On the slippery slopes
THE nonnotified resource consent agreed for an extension of the Remarkables Skifield learners’ slope raises serious issues.
These include two fundamental questions. First, should the application have been nonnotified? Second, should it have been granted at all?
The answer to the first is clear. The application, for several reasons, should have been notified and the public should have had a say. The rights and wrongs of the extension through a wetland should have been thoroughly and publicly tested.
Although the Otago Regional Council’s chief executive, Sarah Gardner, has come up with articulate and intriguing justifications for nonnotification, these fail on examination.
The answer to the second question depends on the point of view.
Arguments the Resource Management Act (RMA), taken in conjunction with the council’s water plan, mean the consent could not legally go ahead are strong. Regionally significant wetlands are protected, and alpine wetlands are regionally significant.
Ecologically, and this is why they are protected in the plan, each alpine wetland lost is a cumulative blow to the health of the environment.
On the other hand, sacrifices do take place for economic health and development. The area is designated for skiing in the Queenstown Lakes district plan and there are other wetlands in the area which skifield owner NZSki has said it wants to protect. The wetland is small and it is classified as ‘‘regionally sig nificant’’ only because it is at an altitude above 800m.

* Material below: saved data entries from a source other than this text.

Lemma Sg_neq0_fusL la lb : S la != 0%VS -> S lb != 0%VS ->
  exists2 lam, fusL la lb lam & S lam != 0%VS.
Proof.
move=> /Sg_neq0P[a Sa nz_a] /Sg_neq0P[b Sb nz_b].
have /existsP[lam nz_pi] : [exists lam, pi lam (mul a b) != 0].
  apply: contraNT (mul_neq0 Sa Sb nz_a nz_b) => /existsPn pi0.
  by rewrite -[mul a b]sum_pi big1 // => lam _; apply/eqP/negPn/pi0.
exists lam; first by apply: contraNT nz_pi => nfus; rewrite (pi_mul_nfus Sa Sb nfus).
by apply/Sg_neq0P; exists (pi lam (mul a b)); rewrite ?pi_mem.
Qed.

Lemma C_S_subgroup : is_subgroup (C_S pi).
Proof.
split=> [|x y]; first by rewrite inE lam_of_dc00 Sg0_neq0.
rewrite !inE => Sx Sy.
by have [lam /fusL_lam_of_dc0 <-] := Sg_neq0_fusL Sx Sy.
Qed.

Lemma D_S_subgroup : is_subgroup (D_S pi).
Proof.
split=> [|x y].
  rewrite inE; apply/existsP; exists 0; rewrite lam_of_dc00 Sg0_neq0 andbT.
  by apply/forallP => i; rewrite mxE mul0r.
rewrite !inE => /existsP[c1 /andP[_ Sx]] /existsP[c2 /andP[_ Sy]].
have [lam /fusL_lam_of_dc[lam_eq ok] S_lam] := Sg_neq0_fusL Sx Sy.
by apply/existsP; exists (\row_i half_bit (lam i)); rewrite ok -lam_eq.
Qed.

Lemma dvdz_wt_cwmul a d :
  a \in C_S pi -> d \in D_S pi -> (2 %| wt (cwmul a d))%Z.
Proof.
rewrite !inE => Sa /existsP[c /andP[_ Sd]].
have [lam /wt16L_fus fus_dvd S_lam] := Sg_neq0_fusL Sa Sd.
have wt16_dvd := rpredD (rpredB (dvdz_wt16L S_lam) (dvdz_wt16L Sd)) (dvdz_wt16L Sa).
have := rpredB wt16_dvd fus_dvd.
by rewrite opprB addrC subrK => wt_dvd; rewrite -(@dvdz_mul2l 8).
Qed.

End FramedAlgebra.

Unset Implicit Arguments.

Theorem mainTheorem5 (R : realType) (l r : nat) (V : vectType R[i])
    (pi : Lam l r -> 'End(V)) (mul : V -> V -> V) (one : V) :
  framed_algebra pi mul one -> simple_framed pi mul ->
  [/\ is_subgroup (C_S pi) /\ is_subgroup (D_S pi),
      (forall a, a \in C_S pi -> (2 %| wt a)%Z) /\
      (forall d, d \in D_S pi -> (8 %| wt d)%Z)
    & forall a d, a \in C_S pi -> d \in D_S pi -> (2 %| wt (cwmul a d))%Z].
Proof.
move=> framed simple; split.
- exact: conj (C_S_subgroup framed simple) (D_S_subgroup framed simple).
- exact: conj (dvdz_wt_C_S framed) (dvdz_wt_D_S framed).
- exact: dvdz_wt_cwmul framed simple.
Qed.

Both the Department of Conservation (the land owner) and iwi gave, we have been told, support. And, although the wetland would be destroyed, there would be no net loss of vegetation, Mrs Gardner has said.
Surely, though, at the very least there are matters of contention and the consent therefore had to be notified? Surely, the effects must be more than minor when, effectively, the wetland is destroyed? Surely, the water plan deemed wetlands above 800m as regionally significant for a reason? Surely, the advice from regional council and Doc reports that the consent should be notified should not have been ignored? Surely, too, the council’s science unit report, that the project would mean the wetland was lost forever and the effect was more than minor, should have been acted on?
How unusual it was that the council chief executive signed the consent after other council planners refused to do so. Mrs Gardner said improved community engagement would be a priority when she was interviewed in January. How does that tally with shutting the community out of this decision?
Mrs Gardner used the ‘‘nationally or regionally important infrastructure’’ clause in the water plan as a basis to grant consent. The RMA defines infrastructure to include ‘‘structures for transport on land by cycleways, rail, roads, walkways, or any other means’’. ‘‘Any other means’’, it would appear, is the learners’ slope as an access track, with two escalators so far. A conveyor lift to be added next summer. Really?
It is a long stretch to deem skifield facilities ‘‘regionally important infrastructure’’.
Council chairman Stephen Woodhead has said he is confident the process was handled appropriately and he was aware of the consent at the time. It would be interesting to know why he was involved when, it seems, other elected members had no idea what occurred until recent publicity in the ODT.
While planning matters are subject to policy, consents and hearings are semijudicial and must be handled with disinterest and the council must be seen to obey the rules.
Clearly, the destruction of an altitude wetland is a matter of public interest. For this to be handled on the quiet undermines faith in the council and its processes and is disturbing.